Tico Time Zone: One of my favorite things about Costa Rica is how culturally diverse it has become over the past 25 years, Costa Rica is changing. When I first arrived here and paddled out in Jacó almost that long ago, only a handful of gringos were living in the area. Most were surfers or expats with a lame cover story to hide the fact they were running from something. Costa Rica was a weird mix of eclectic journeymen who all seemed to relish the state of living in total anonymity.

As for my own crew, we were a bunch of surf-starved Rhode Island boyz who only wanted to surf, eat, rinse and repeat. The local surfers were a bunch of guys our age wanting to share their culture with anyone willing to live the pure life in Costa Rica.
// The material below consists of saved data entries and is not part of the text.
(* Let $m\ge2$ be an integer, let $x_0,\dots,x_N\in[0,1]$ be distinct nodes, and let $$G(x)=\frac{\operatorname{sign}x}{2}\left(\frac{e^x-e^{-x}}{2}-\sum_{k=1}^{m-1}\frac{x^{2k-1}}{(2k-1)!}\right).$$ Let $M$ be the $(N+1)\times(N+1)$ matrix $M=(G(x_\beta-x_\gamma))_{\beta,\gamma=0}^N$ and let $S$ be the $m\times(N+1)$ matrix whose rows are $(x_0^{\alpha},\dots,x_N^{\alpha})$ for $\alpha=0,1,\dots,m-2$ and, as last row, $(e^{-x_0},\dots,e^{-x_N})$. If $S$ has a right inverse, then the $(N+1+m)\times(N+1+m)$ matrix $$Q=\begin{pmatrix}M&S^*\\ S&0\end{pmatrix}$$ is nonsingular, where $S^*$ denotes the transpose of $S$.
   Context: $Q$ is the matrix of the linear system $\sum_\gamma\overline C_\gamma G(x_\beta-x_\gamma)+\sum_{\alpha=0}^{m-2}\lambda_\alpha x_\beta^\alpha+\lambda_{m-1}e^{-x_\beta}=F(x_\beta)$ ($\beta=0,\dots,N$), $\sum_\gamma\overline C_\gamma x_\gamma^\alpha=0$ ($\alpha=0,\dots,m-2$), $\sum_\gamma\overline C_\gamma e^{-x_\gamma}=0$, which arises in minimizing the norm of the error functional of the quadrature formula $\int_0^1\varphi\,dx\cong\sum_\beta C_\beta\varphi(x_\beta)$ in the space $W_2^{(m,m-1)}(0,1)$ with norm $\left(\int_0^1(\varphi^{(m)}+\varphi^{(m-1)})^2dx\right)^{1/2}$. *)

From HB Require Import structures.
From mathcomp Require Import all_boot all_order all_algebra.
From mathcomp Require Import reals.
From mathcomp Require Import sequences exp.
Set Implicit Arguments. Unset Strict Implicit. Unset Printing Implicit Defensive.
Import Order.TTheory GRing.Theory Num.Theory.
Local Open Scope ring_scope.

Definition Gker (R : realType) (m : nat) (x : R) : R :=
  Num.sg x / 2 *
  ((expR x - expR (- x)) / 2
   - \sum_(1 <= k < m) x ^+ (2 * k - 1) / ((2 * k - 1)`!)%:R).

Definition Gmat (R : realType) (m N : nat) (x : 'I_N.+1 -> R) : 'M[R]_N.+1 :=
  \matrix_(b, g) Gker m (x b - x g).

Definition Smat (R : realType) (m N : nat) (x : 'I_N.+1 -> R) : 'M[R]_(m, N.+1) :=
  \matrix_(i < m, j < N.+1) if (i < m.-1)%N then x j ^+ i else expR (- x j).

Definition Qmat (R : realType) (m N : nat) (x : 'I_N.+1 -> R) : 'M[R]_(N.+1 + m) :=
  block_mx (Gmat m x) (Smat m x)^T (Smat m x) 0.

From mathcomp Require Import all_boot all_order all_algebra.
From mathcomp Require Import reals boolp functions.
From mathcomp Require Import normedtype sequences derive realfun exp.
From mathcomp Require Import zify ring.
Set Implicit Arguments. Unset Strict Implicit. Unset Printing Implicit Defensive.
Import Order.TTheory GRing.Theory Num.Theory numFieldNormedType.Exports.
Local Open Scope ring_scope.

(* If [Q (c, l) = 0] then [S c = 0] and [M c = - S^T l], hence [c^T M c = 0];
   as [S^T] is injective, it suffices to show that [(-1)^m c^T M c > 0] whenever
   [S c = 0] and [c <> 0].  Let [u y = \sum_g c_g G (y - x_g)] and
   [L = D^m + D^(m-1)].  Lagrange's identity for [L], with the bilinear
   concomitant taken against solutions of the adjoint equation, gives an explicit
   function [energy] whose derivative between the nodes is [2 (L u)^2].  The
   conditions [S c = 0] make it vanish to the left of all nodes, while to the
   right of them it equals [2 (-1)^m c^T M c].  It is nondecreasing, and
   strictly increasing just left of the rightmost node [x_top] with
   [c_top <> 0], because there [L u] is a nonzero multiple of a function
   without negative zeros. *)

Section RealDerivatives.
Variable R : realType.
Implicit Types (f g : R -> R) (a b c y df d : R).

Lemma eq_is_derive f g y df d :
  (forall t, f t = g t) -> df = d -> is_derive y 1 f df -> is_derive y 1 g d.
Proof. by move=> /funext <- <-. Qed.

Lemma is_deriveMl c f y df :
  is_derive y 1 f df -> is_derive y 1 (fun t => c * f t) (c * df).
Proof. exact: is_deriveZ. Qed.

Lemma is_derive_sumr n (h : 'I_n -> R -> R) (dh : 'I_n -> R) y :
  (forall i, is_derive y 1 (h i) (dh i)) ->
  is_derive y 1 (fun t => \sum_(i < n) h i t) (\sum_(i < n) dh i).
Proof. by move=> /is_derive_sum; rewrite fct_sumE. Qed.

Lemma is_derive_translate f c y d :
  is_derive (y - c) 1 f d -> is_derive y 1 (fun t => f (t - c)) d.
Proof.
move=> fd; rewrite -[d]mulr1; apply: (@is_derive1_comp _ f (fun t => t - c) y d 1 fd).
have := is_deriveB (is_derive_id y 1) (is_derive_cst c y 1).
by apply: eq_is_derive; rewrite ?subr0.
Qed.

Lemma is_derive_expRN y : is_derive y 1 (fun t => expR (- t)) (- expR (- y)).
Proof. by rewrite -mulrN1; apply: (@is_derive1_comp _ expR (fun t => - t) y). Qed.

Lemma derive_ge0_le f (f' : R -> R) a b : (forall t : R, is_derive t 1 f (f' t)) ->
  (forall t, a < t < b -> 0 <= f' t) -> a <= b -> f a <= f b.
Proof.
move=> fd f'_ge0 ab.
have f_derivable t : derivable f t 1 by case: (fd t).
apply: (@ger0_derive1_le_cc _ f a b); rewrite ?in_itv /= ?lexx ?ab //.
- by move=> t; rewrite in_itv /= derive1E; case: (fd t) => _ ->; apply: f'_ge0.
- exact: derivable_within_continuous.
Qed.

Lemma derive_gt0_lt f (f' : R -> R) a b : (forall t : R, is_derive t 1 f (f' t)) ->
  (forall t, a < t < b -> 0 < f' t) -> a < b -> f a < f b.
Proof.
move=> fd f'_gt0 ab.
have f_derivable t : derivable f t 1 by case: (fd t).
apply: (@gtr0_derive1_lt_cc _ f a b); rewrite ?in_itv /= ?lexx ?ltW //.
- by move=> t; rewrite in_itv /= derive1E; case: (fd t) => _ ->; apply: f'_gt0.
- exact: derivable_within_continuous.
Qed.

End RealDerivatives.

Lemma sum_odd_ord (V : nmodType) (f : nat -> V) n :
  \sum_(i < 2 * n) (if odd i then f i else 0) = \sum_(k < n) f (2 * k + 1)%N.
Proof.
elim: n => [|n IH]; first by rewrite muln0 !big_ord0.
have -> : (2 * n.+1 = (2 * n).+2)%N by lia.
by rewrite !big_ord_recr /= IH oddM /= addr0 addn1.
Qed.

Section Kernel.
Variables (R : realType) (m : nat).
Hypothesis m_ge2 : (2 <= m)%N.
Implicit Types (s z : R).

Definition sinh_head : {poly R} :=
  \poly_(i < 2 * m - 2) (if odd i then (i`!%:R)^-1 else 0).

Definition gder (i : nat) s : R :=
  (expR s - (-1) ^+ i * expR (- s)) / 2 - sinh_head^`(i).[s].

Lemma sinh_headE s :
  sinh_head.[s] = \sum_(1 <= k < m) s ^+ (2 * k - 1) / ((2 * k - 1)`!)%:R.
Proof.
rewrite horner_poly.
have -> : (2 * m - 2 = 2 * m.-1)%N by lia.
under eq_bigr => i _ do rewrite (fun_if (fun c => c * s ^+ i)) mul0r.
rewrite (sum_odd_ord (fun i => (i`!%:R)^-1 * s ^+ i)).
rewrite big_add1 big_mkord.
by apply: eq_bigr => k _; rewrite mulrC; congr (_ ^+ _ / (_`!)%:R); lia.
Qed.

Lemma Gker_gder s : Gker m s = Num.sg s / 2 * gder 0 s.
Proof. by rewrite /Gker /gder expr0 mul1r derivn0 sinh_headE. Qed.

Lemma gder_derive i s : is_derive s 1 (gder i) (gder i.+1 s).
Proof.
have := is_deriveB (is_deriveMl (2^-1 : R) (is_deriveB (is_derive_expR s)
    (is_deriveMl ((-1) ^+ i) (is_derive_expRN s))))
  (is_derive_poly (sinh_head^`(i)) s).
by apply: eq_is_derive => [t|]; rewrite /gder /= ?derivnS ?exprS ?fctE; ring.
Qed.

Lemma gder_at0 i : gder i 0 = (odd i && (2 * m - 2 <= i)%N)%:R.
Proof.
rewrite /gder expR0 oppr0 expR0 mulr1 horner_coef0 coef_derivn addn0 ffactnn.
rewrite coef_poly -signr_odd.
have fact_neq0 : (i`!%:R : R) != 0 by rewrite pnatr_eq0 -lt0n fact_gt0.
case: (odd i); last by rewrite expr0 subrr mul0r if_same mul0rn subr0.
rewrite expr1 opprK /=; case: ltnP => _ /=.
- by rewrite -mulr_natr; field.
- by rewrite mul0rn; field.
Qed.

Lemma gder_at0_low i : (i <= 2 * m - 2)%N -> gder i 0 = 0.
Proof.
move=> hi; rewrite gder_at0; case: leqP => [hi'|]; last by rewrite andbF.
have -> : i = (m.-1).*2 by rewrite -mul2n; lia.
by rewrite odd_double.
Qed.

Lemma gder_at0_top : gder (2 * m - 1) 0 = 1.
Proof.
rewrite gder_at0 leq_sub2l //.
have -> : (2 * m - 1 = (m.-1).*2.+1)%N by rewrite -mul2n; lia.
by rewrite /= odd_double.
Qed.

Lemma gder_high i s : (2 * m - 2 <= i)%N ->
  gder i s = (expR s - (-1) ^+ i * expR (- s)) / 2.
Proof.
move=> hi; rewrite /gder derivn_poly0 ?horner0 ?subr0 //.
exact: leq_trans (size_poly _ _) hi.
Qed.

Lemma gder_periodic i s : (2 * m - 2 <= i)%N -> gder i.+2 s = gder i s.
Proof.
move=> hi; have hi2 : (2 * m - 2 <= i.+2)%N by lia.
by rewrite !gder_high // !exprS !mulN1r opprK.
Qed.

Lemma sgr_gder k z (b : bool) : (k <= 2 * m - 2)%N ->
  (if b then z <= 0 else 0 <= z) -> Num.sg z * gder k z = (-1) ^+ b * gder k z.
Proof.
move=> hk hz; have [->|z_neq0] := eqVneq z 0; first by rewrite gder_at0_low // !mulr0.
case: b hz => hz; first by rewrite ltr0_sg // lt_neqAle z_neq0.
by rewrite gtr0_sg // lt_neqAle eq_sym z_neq0.
Qed.

Definition hder (i : nat) s : R := gder i.+1 s + gder i s.

Lemma hderE i s : hder i s = expR s - (sinh_head^`(i.+1) + sinh_head^`(i)).[s].
Proof. by rewrite /hder /gder hornerD exprS; field. Qed.

Lemma size_hder_poly i : (m.-1 <= i)%N ->
  (size (sinh_head^`(i.+1) + sinh_head^`(i))%R <= m.-1)%N.
Proof.
move=> hi; apply/leq_sizeP => j hj.
rewrite coefD !coef_derivn !coef_poly.
by rewrite !ifN ?mul0rn ?addr0 // -leqNgt; lia.
Qed.

Lemma hder_derive i s : is_derive s 1 (hder i) (hder i.+1 s).
Proof. exact: is_deriveD (gder_derive i.+1 s) (gder_derive i s). Qed.

Lemma hder_at0 i : (i < 2 * m - 2)%N -> hder i 0 = 0.
Proof. by move=> hi; rewrite /hder !gder_at0_low ?addr0 // ltnW. Qed.

Lemma hder_top : hder (2 * m - 2) =1 expR.
Proof. by move=> s; rewrite /hder !gder_high // exprS; field. Qed.

Lemma hder_sign n z : (n <= m.-1)%N -> z < 0 ->
  0 < (-1) ^+ n * hder (2 * m - 2 - n) z.
Proof.
elim: n z => [|n IH] z hn z_lt0; first by rewrite mul1r subn0 hder_top expR_gt0.
set k := (2 * m - 2 - n.+1)%N.
have hk : k.+1 = (2 * m - 2 - n)%N by rewrite /k; lia.
have hd (t : R) : is_derive t 1 (fun y => - ((-1) ^+ n.+1 * hder k y))
    ((-1) ^+ n * hder (2 * m - 2 - n) t).
  have := is_deriveN (is_deriveMl ((-1) ^+ n.+1) (hder_derive k t)).
  by apply: eq_is_derive; rewrite // hk exprS; ring.
have := derive_gt0_lt hd _ z_lt0.
rewrite hder_at0 /k; last by lia.
rewrite mulr0 oppr0 oppr_lt0; apply=> t /andP [_ t_lt0].
by apply: IH => //; lia.
Qed.
Lemma stage_invariant ev n :
  (n <= length (stage ev n))%nat /\
  ((0 < n)%nat -> 1 - 2 * dyad (n + 2) <= density A (stage ev n)) /\
  0 < tval (tsub (gk (level ev n)) (stage ev n)).
Proof.
  induction n as [|n [Hlen [_ Hpos]]]; [split; [|split]; [lia|lia|apply level_value_pos; lia]|].
  assert (Hdens : (0 < S n)%nat -> 1 - 2 * dyad (S n + 2) <= density A (stage ev (S n))).
  { intros _. eapply Rle_trans; [|exact (density_step_end _ _ _ Hpos)].
    pose proof (dyad_le (S n + 2) (level ev n) ltac:(unfold level, stage_level; lia)). unfold level in *. lra. }
  split; [|split; [exact Hdens|apply level_value_pos, Hdens]].
  pose proof (step_tail_length _ _ _ Hpos). simpl. lia.
Qed.

Lemma stage_value_pos ev n : 0 < tval (tsub (gk (level ev n)) (stage ev n)).
Proof. apply stage_invariant. Qed.

Lemma stage_length_ge ev n : (n <= length (stage ev n))%nat.
Proof. apply stage_invariant. Qed.

Lemma stage_extends ev n m : (n <= m)%nat -> exists v, stage ev m = stage ev n ++ v.
Proof.
  induction 1 as [|m _ [v Hv]]; [exists nil; rewrite app_nil_r; reflexivity|].
  exists (v ++ step_tail m (stage ev m) (ev m)). simpl. rewrite Hv, app_assoc. reflexivity.
Qed.

Lemma density_between_stages ev n l :
  (length (stage ev n) <= l <= length (stage ev (S n)))%nat ->
  step_floor n (stage ev n) (ev n) - dyad (level ev n) <= density A (firstn l (stage ev (S n))).
Proof.
  intros Hl. pose proof (stage_value_pos ev n) as Hpos.
  pose proof (step_tail_length _ _ _ Hpos) as Hlen.
  pose proof (step_tail_stays_above _ _ _ Hpos (l - length (stage ev n))%nat) as Habove.
  simpl stage in Hl |- *. unfold level in *.
  set (u := stage ev n) in *. set (w := step_tail n u (ev n)) in *.
  rewrite length_app in Hl.
  rewrite firstn_app, firstn_all2, <- tsub_app in * by lia. specialize (Habove ltac:(lia)).
  pose proof (density_close (stage_level n u (ev n)) (u ++ firstn (l - length u) w)) as Hclose.
  rewrite length_app, length_firstn in Hclose. rewrite length_app in Hlen.
  specialize (Hclose ltac:(lia)). apply Rabs_le_between' in Hclose. lra.
Qed.

Lemma density_dip_between ev n m : ev n = Some m ->
  exists t, (length (stage ev n) <= length t)%nat /\ (exists v, stage ev (S n) = t ++ v) /\
    density A t <= 1 - dyad (S m) + dyad (level ev n).
Proof.
  intros Hm. pose proof (stage_value_pos ev n) as Hpos.
  set (u := stage ev n) in *. set (k := level ev n) in *.
  exists (u ++ route k u ++ dip_address m (af k)). split; [rewrite length_app; lia|split].
  - exists (true :: nil). simpl stage. unfold step_tail, k, level, u. rewrite Hm.
    unfold exit_address. rewrite !app_assoc. reflexivity.
  - exact (density_step_dip _ _ _ Hpos m Hm).
Qed.

Definition limit_point (ev : nat -> option nat) : cantor := fun i => nth i (stage ev (S i)) false.
Lemma deriv_xsq (u : R -> X n m) (du : X n m) t :
  (forall i, derivable_pt_lim (fun s => (u s).1 i) t (du.1 i)) ->
  (forall j, derivable_pt_lim (fun s => (u s).2 j) t (du.2 j)) ->
  derivable_pt_lim (fun s => xsq (u s)) t (2 * xdot (u t) du).
Proof.
move=> d1 d2; apply: derivable_pt_lim_eq.
  by apply: derivable_pt_lim_plus; apply: deriv_vdot.
by rewrite /xdot (vdot_comm du.1) (vdot_comm du.2); ring.
Qed.

Lemma flow_gap_gronwall x y T rho M tau : Gamma x -> Gamma y -> 0 <= T -> 0 < rho ->
  (forall s, 0 <= s <= T -> forall p, xnorm (xsub p (Phi s x)) < rho -> U p /\ JB p <= M) ->
  0 <= tau <= T -> (forall s, 0 < s < tau -> xnorm (xsub (Phi s y) (Phi s x)) < rho) ->
  xnorm (xsub (Phi tau y) (Phi tau x)) <= xnorm (xsub y x) * exp (M * tau).
Proof.
move=> Gx Gy T0 rho0 hM tauT close.
set D := fun t => xsq (xsub (Phi t y) (Phi t x)).
have dD : forall t, 0 < t <= tau ->
    derivable_pt_lim D t (2 * xdot (xsub (Phi t y) (Phi t x)) (xsub (Ff (Phi t y)) (Ff (Phi t x)))).
  move=> t t0; have [dy1 dy2] := proj1 (HPhi Gy) t ltac:(lra).
  have [dx1 dx2] := proj1 (HPhi Gx) t ltac:(lra).
  apply: deriv_xsq => i; exact: derivable_pt_lim_minus.
have growth : forall t, 0 < t < tau ->
    2 * xdot (xsub (Phi t y) (Phi t x)) (xsub (Ff (Phi t y)) (Ff (Phi t x))) <= 2 * M * D t.
  move=> t t0; have lip := F_lipschitz_near_traj Gx T0 rho0 hM (s := t) ltac:(lra) (close t t0).
  have := xdot_le (xsub (Phi t y) (Phi t x)) (xsub (Ff (Phi t y)) (Ff (Phi t x))).
  by rewrite /D -xnorm_sq; have := xnorm_nonneg (xsub (Phi t y) (Phi t x)); nra.
have rcD : right_cont0 D.
  apply: (right_cont0_quad (@xsq_quad_lipschitz n m)).
  exact: curve_right_cont0_sub (proj2 (HPhi Gy)) (proj2 (HPhi Gx)).
have := gronwall (proj1 tauT) dD growth rcD; rewrite /D !HPhi0 // => G.
apply: xnorm_le_of_sq; first by have := xnorm_nonneg (xsub y x); have := exp_pos (M * tau); nra.
have e2 : exp (2 * M * tau) = exp (M * tau) * exp (M * tau) by rewrite -exp_plus; congr exp; ring.
by rewrite e2 in G; apply: Rle_trans G _; rewrite -xnorm_sq; right; ring.
Qed.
It was like no place I’d ever seen. Everyone was open and laid back. No one had an agenda. Get barreled and assimilate with the local fauna was all that I cared about. As they say, “Surfing is life; the rest is details.” I figured that somebody had to live here so it might as well be us.

We have that mix of
cultural flavor in abundance.

Back then, Jacó was a completely different animal. There were no condos or high-rises. Just a few mom and pop tiendas, two surf shops and one disco called “La Central.” The only thing taller than two stories were the waves at Roca Loca. A former tourism campaign slogan about Costa Rica really fit back then: “No artificial ingredients.”

After the honeymoon was over, I left Jacó and headed up to Playa Grande to live. It was an area experiencing new growth. Besides the consistently empty surf and offshore spots, one other thing stood out — culturally diverse transplantations were starting to bloom here as they were all over the Gold Coast. Walking down the streets, we would notice a French restaurant that wasn’t there before or a Spanish café. Next time it might be an Italian pizza place or a Canadian sports bar … perhaps an Asian fusion place and, of course, a German bakery. Ultimately, I figured I would open an American — specifically, Rhode Island — supermarket and deli. Hell, I thought … it couldn’t be that hard given the lack of local competition. Laugh if you will, but there was a time when we had to go all the way to Santa Cruz every week for a full shopping and supply run!

So that’s how I started “Super Pura Vida and Cabinas” in 1998. The diversity of the area was evident right away. All types of people came into the store. We all had a part in building a new community together in Playa Grande, so we all had our own stories to share about the mutual daily grind in paradise.

There’s a saying here, “poco a poco.” It means you have to learn to take things slow and never forget “they” let us live here. We did take it slow over the years, while sharing our cultural stories, our foods and our idiosyncrasies. By morphing them with the notions of “Tico time” and “pura vida” we emerged as an amazingly diverse and courageous type of new age explorer. It takes all kinds of ingredients to make a great soup, and we have that mix of cultural flavor in abundance here.

I am the proud father of a Costa Rican daughter, and sometimes can’t believe I was granted a cédula and allowed to live here. I thank God every day for all the blessings bestowed on me. I’ve never stopped being amazed at all the cool people, places and things that make Costa Rica a multicultural wonder of the world. I hope and pray this international blue zone will forever keep evolving as the place I like to call Puravidaville!